3.When To Use Nested Cross-Validation?
4.Other findings for Nested Cross-Validation
5.What To Do After Nested Cross-Validation
6.Code for Nested Cross-Validation

What Is Cross-Validation?

Firstly, a short explanation of cross-validation. K-Fold cross-validation is when you split up your dataset into K-partitions — 5- or 10 partitions being recommended. The way you split the dataset is making K random and different sets of indexes of observations, then interchangeably using them. The percentage of the full dataset that becomes the testing dataset is $1/K$, while the training dataset will be $K-1/K$. For each partition, a model is fitted to the current split of training and testing dataset.

Below is an example of K-Fold cross-validation with $K=5$. The full dataset will interchangeably be split up into a testing and training dataset, which a model will be trained upon.

The idea is that you use cross-validation with a search algorithm, where you input a hyperparameter grid — parameters that are selected before training a model. In combination with Random Search or Grid Search, you then fit a model for each pair of different hyperparameter sets in each cross-validation fold (example with random forest model).

                    'max_depth': [3, None],
                    'n_estimators': [10, 30, 50, 100, 200, 400, 600, 800, 1000],
                    'max_features': [2,4,6]
What Is Nested Cross-Validation?

First the: why should you care? Nested Cross-Validation is an extension of the above, but it fixes one of the problems that we have with normal cross-validation. In normal cross-validation you only have a training and testing set, which you find the best hyperparameters for.

  1. This may cause information leakage
  2. You estimate the error of a model on the same data, which you found the best hyperparameters for. This may cause significant bias.

You would not want to estimate the error of your model, on the same set of training and testing data, that you found the best hyperparameters for. Thus, we say that the model is biased, and it has been shown that the bias can be significantly large [1].

Why? Along with the fact that bias and variance is linked with model selection, I would suggest that this is possibly one of the best approaches to estimate a true error, that is almost unbiased and with low variance.

As the image below suggests, we have two loops. The inner loop is basically normal cross-validation with a search function, e.g. random search or grid search. Though the outer loop only supplies the inner loop with the training dataset, and the test dataset in the outer loop is held back.
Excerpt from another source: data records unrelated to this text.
Section LocalConstant.
Variables (A : comNzRingType) (n : nat) (I : {mpoly A[n]} -> Prop) (p : A -> Prop).
Hypotheses (idealI : is_ideal I) (prime_p : is_prime_ideal p).

(* [m / 1 = a / w] in [M_p]. *)
Definition loc_const (m : {mpoly A[n]}) : Prop :=
  exists a w, ~ p w /\ I (w *: m - a%:MP).

Lemma loc_const_ideal m : I m -> loc_const m.
Proof.
by exists 0, 1; split; [exact: prime_ideal_not1 | rewrite scale1r mpolyC0 subr0].
Qed.

Lemma loc_constC c : loc_const c%:MP.
Proof.
exists c, 1; split; first exact: prime_ideal_not1.
by rewrite scale1r subrr; exact: ideal0.
Qed.

Lemma loc_constN m : loc_const m -> loc_const (- m).
Proof.
move=> [a [w [pw Im]]]; exists (- a), w; split=> //.
by rewrite scalerN mpolyCN -opprD; apply: (idealN idealI).
Qed.

Lemma loc_constD m1 m2 : loc_const m1 -> loc_const m2 -> loc_const (m1 + m2).
Proof.
move=> [a1 [w1 [pw1 Im1]]] [a2 [w2 [pw2 Im2]]].
exists (w2 * a1 + w1 * a2), (w1 * w2); split; first exact: prime_ideal_complM.
have -> : (w1 * w2) *: (m1 + m2) - (w2 * a1 + w1 * a2)%:MP =
    w2 *: (w1 *: m1 - a1%:MP) + w1 *: (w2 *: m2 - a2%:MP).
  by rewrite -!mul_mpolyC !mpolyCD !mpolyCM; ring.
by apply: (idealD idealI); apply: idealZ.
Qed.

Lemma loc_constM m1 m2 : loc_const m1 -> loc_const m2 -> loc_const (m1 * m2).
Proof.
move=> [a1 [w1 [pw1 Im1]]] [a2 [w2 [pw2 Im2]]].
exists (a1 * a2), (w1 * w2); split; first exact: prime_ideal_complM.
have -> : (w1 * w2) *: (m1 * m2) - (a1 * a2)%:MP =
    (w2 *: m2) * (w1 *: m1 - a1%:MP) + a1%:MP * (w2 *: m2 - a2%:MP).
  by rewrite -!mul_mpolyC !mpolyCM; ring.
by apply: (idealD idealI); apply: idealMl.
Qed.

Lemma loc_constZ_cancel c m : ~ p c -> loc_const (c *: m) -> loc_const m.
Proof.
move=> pc [a [w [pw Im]]]; exists a, (w * c); split; first exact: prime_ideal_complM.
by rewrite -scalerA.
Qed.

Lemma loc_const1 : loc_const 1.
Proof. by rewrite -mpolyC1; apply: loc_constC. Qed.

Lemma loc_constX m k : loc_const m -> loc_const (m ^+ k).
Proof.
move=> mconst; elim: k => [|k IH]; first by rewrite expr0; exact: loc_const1.
by rewrite exprS; apply: loc_constM.
Qed.

Lemma loc_const_monomial (G : 'X_{1..n}) :
  (forall j, (0 < G j)%N -> loc_const 'X_j) -> loc_const 'X_[G].
Proof.
move=> Gvars; rewrite mpolyXE_id; apply: big_ind => [||j _].
- exact: loc_const1.
- exact: loc_constM.
have [->|/Gvars Xj] := posnP (G j); first by rewrite expr0; exact: loc_const1.
exact: loc_constX.
Qed.

Lemma loc_const_mpoly m :
  (forall G, G \in msupp m -> forall j, (0 < G j)%N -> loc_const 'X_j) ->
  loc_const m.
Proof.
move=> mvars; rewrite (mpolyE m) big_seq; apply: big_ind => [||G mG].
- by rewrite -mpolyC0; apply: loc_constC.
- exact: loc_constD.
rewrite -mul_mpolyC; apply: loc_constM; first exact: loc_constC.
by apply: loc_const_monomial; apply: mvars.
Qed.

Lemma loc_map_surjectiveP : loc_map_surjective I p <-> forall m, loc_const m.
Proof.
split=> [onto m|all_const m s ps].
  have [a [t [pt [u pu Iu]]]] := onto m 1 (prime_ideal_not1 prime_p).
  exists (u * a), (u * t); split; first exact: prime_ideal_complM.
  have -> : (u * t) *: m - (u * a)%:MP = - (u *: (1 *: a%:MP - t *: m)).
    by rewrite -!mul_mpolyC !mpolyCM mpolyC1; ring.
  exact: (idealN idealI).
have [a [w [pw Im]]] := all_const m.
exists a, (w * s); split; first exact: prime_ideal_complM.
exists 1; first exact: prime_ideal_not1.
have -> : 1 *: (s *: a%:MP - (w * s) *: m) = (- s) *: (w *: m - a%:MP).
  by rewrite -!mul_mpolyC !mpolyCM mpolyCN mpolyC1; ring.
exact: (idealZ _ idealI).
Qed.

End LocalConstant.

Section LocalConstantVariables.
Variables (A : comNzRingType) (n : nat) (gt : 'X_{1..n} -> 'X_{1..n} -> Prop).
Variables (I : {mpoly A[n]} -> Prop) (p : A -> Prop).
Hypotheses (order_gt : monomial_order gt) (idealI : is_ideal I).
Hypothesis prime_p : is_prime_ideal p.

Lemma loc_const_var_init i : loc_const I p 'X_i ->
  exists2 c, init_ideal gt I (c *: 'X_[mnm1 i]) & ~ p c.
Proof.
move=> [a [w [pw Iw]]]; exists w => //.
have w0 : w != 0 by apply/eqP => w0; apply: pw; rewrite w0; exact: prime_ideal0.
apply: (init_ideal_init_term (f := w *: 'X_[mnm1 i] + (- a)%:MP)).
- by rewrite mpolyCN.
- exact: is_init_termZXD (gt_mnm1_0 order_gt i) w0.
Qed.

Hypothesis init_var : forall i : 'I_n,
  exists2 c, init_ideal gt I (c *: 'X_[mnm1 i]) & ~ p c.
For this reason, we definitely stop information leakage due to cross-validation. And we also get a relatively low-absent bias, as the papers suggest (papers explained further below).

The above image is a nonformal view of it, but I compiled a more abstract view of nested cross-validation, describing the process.
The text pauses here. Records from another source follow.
Lemma linear_functional_dx4 a b d : linear_functional (fun c => dx4 c a b d).
Proof. split; intros; unfold dx4; simpl; ring. Qed.

Lemma linear_functional_dy4 a b d : linear_functional (fun c => dy4 c a b d).
Proof. split; intros; unfold dy4; simpl; ring. Qed.

Lemma linear_functional_dz4 a b d : linear_functional (fun c => dz4 c a b d).
Proof. split; intros; unfold dz4; simpl; ring. Qed.

Lemma in_span_F_S_in_I_S (S : list point) c :
  S <> [] -> in_span (inF_S S) c -> inI_S S c.
Proof.
  intros HS Hspan.
  assert (Hform : is_form4 c).
  { destruct S as [|s0 S]; [contradiction|].
    intros i j Hij.
    apply (in_span_kernel _ (fun c => c i j) c (linear_functional_coeff i j) Hspan).
    intros g Hg. destruct (Hg s0 (in_eq _ _)) as [[Hgform _] _]. exact (Hgform i j Hij). }
  split; [exact Hform|]. intros [[a b] d] Hs. split; [exact Hform|].
  assert (Hsing : forall g, inF_S S g -> eval4 g a b d = 0 /\
      dx4 g a b d = 0 /\ dy4 g a b d = 0 /\ dz4 g a b d = 0).
  { intros g Hg. destruct (Hg _ Hs) as [Hpsd Hvan].
    split; [exact Hvan|]. exact (psd4_zero_gradient g a b d Hpsd Hvan). }
  repeat split;
    [ apply (in_span_kernel _ _ c (linear_functional_eval4 a b d) Hspan)
    | apply (in_span_kernel _ _ c (linear_functional_dx4 a b d) Hspan)
    | apply (in_span_kernel _ _ c (linear_functional_dy4 a b d) Hspan)
    | apply (in_span_kernel _ _ c (linear_functional_dz4 a b d) Hspan) ];
    apply Hsing.
Qed.

Lemma fold_right_Rplus_init (a : R) (xs : list R) :
  fold_right Rplus a xs = fold_right Rplus 0 xs + a.
Proof. induction xs as [|x xs IH]; simpl; [ring | rewrite IH; ring]. Qed.

Lemma map_seq_add {A} (f : nat -> A) s m n :
  map f (seq (s + m) n) = map (fun k => f (k + m)%nat) (seq s n).
Proof.
  revert s; induction n as [|n IH]; intros s; [reflexivity|].
  simpl; rewrite <- IH; reflexivity.
Qed.

Lemma in_span_ext (P : coeffs -> Prop) c d :
  (forall i j, c i j = d i j) -> in_span P d -> in_span P c.
Proof.
  intros Hcd [n [l [g [Hg Hd]]]]. exists n, l, g.
  split; [exact Hg|]. intros i j; rewrite Hcd; apply Hd.
Qed.

Lemma in_span_zero (P : coeffs -> Prop) : in_span P (fun _ _ => 0).
Proof. exists 0%nat, (fun _ => 0), (fun _ _ _ => 0). split; [lia | reflexivity]. Qed.

Lemma in_span_single (P : coeffs -> Prop) g : P g -> in_span P g.
Proof.
  intros Hg. exists 1%nat, (fun _ => 1), (fun _ => g).
  split; [intros; exact Hg | intros; simpl; ring].
Qed.

Lemma fold_right_Rplus_map_scale (f : nat -> R) a ks :
  fold_right Rplus 0 (map (fun k => a * f k) ks) = a * fold_right Rplus 0 (map f ks).
Proof. induction ks as [|k ks IH]; simpl; [ring | rewrite IH; ring]. Qed.

Lemma in_span_scale (P : coeffs -> Prop) a c :
  in_span P c -> in_span P (fun i j => a * c i j).
Proof.
  intros [n [l [g [Hg Hc]]]]. exists n, (fun k => a * l k), g.
  split; [exact Hg|]. intros i j; rewrite Hc, <- fold_right_Rplus_map_scale.
  f_equal; apply map_ext; intros; ring.
Qed.

Lemma in_span_add (P : coeffs -> Prop) c d :
  in_span P c -> in_span P d -> in_span P (fun i j => c i j + d i j).
Proof.
  intros [n [l [g [Hg Hc]]]] [m [l' [g' [Hg' Hd]]]].
  exists (n + m)%nat, (fun k => if (k <? n)%nat then l k else l' (k - n)%nat),
    (fun k => if (k <? n)%nat then g k else g' (k - n)%nat).
  split.
  - intros k Hk; destruct (Nat.ltb_spec k n); [apply Hg | apply Hg']; lia.
  - intros i j.
    rewrite seq_app, map_app, fold_right_app, fold_right_Rplus_init, Hc, Hd.
    rewrite (map_seq_add _ 0 n m).
    f_equal.
    + f_equal; apply map_ext_in; intros k Hk; apply in_seq in Hk.
      destruct (Nat.ltb_spec k n); [reflexivity | lia].
    + f_equal; apply map_ext; intros k.
      destruct (Nat.ltb_spec (k + n) n); [lia|].
      rewrite Nat.add_sub; reflexivity.
Qed.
Require means that something needs to be provided, and the rest of the parameters in this algorithm should be fairly obvious. Keep in mind that the RandomSample($P_{sets}$) is a function, that takes a random set from the hyperparameter grid.

Please leave a comment at the bottom of the post if you need more explaining. If it's hard to grasp, try to distinguish between i and j from the for-loops – they are very important to keep track of when reading this.

When To Use Nested Cross-Validation?

It is hard to deny the fact, that nested cross-validation is computationally expensive, in the case of larger datasets. Anything more than a few thousand observations, you might find this computationally expensive.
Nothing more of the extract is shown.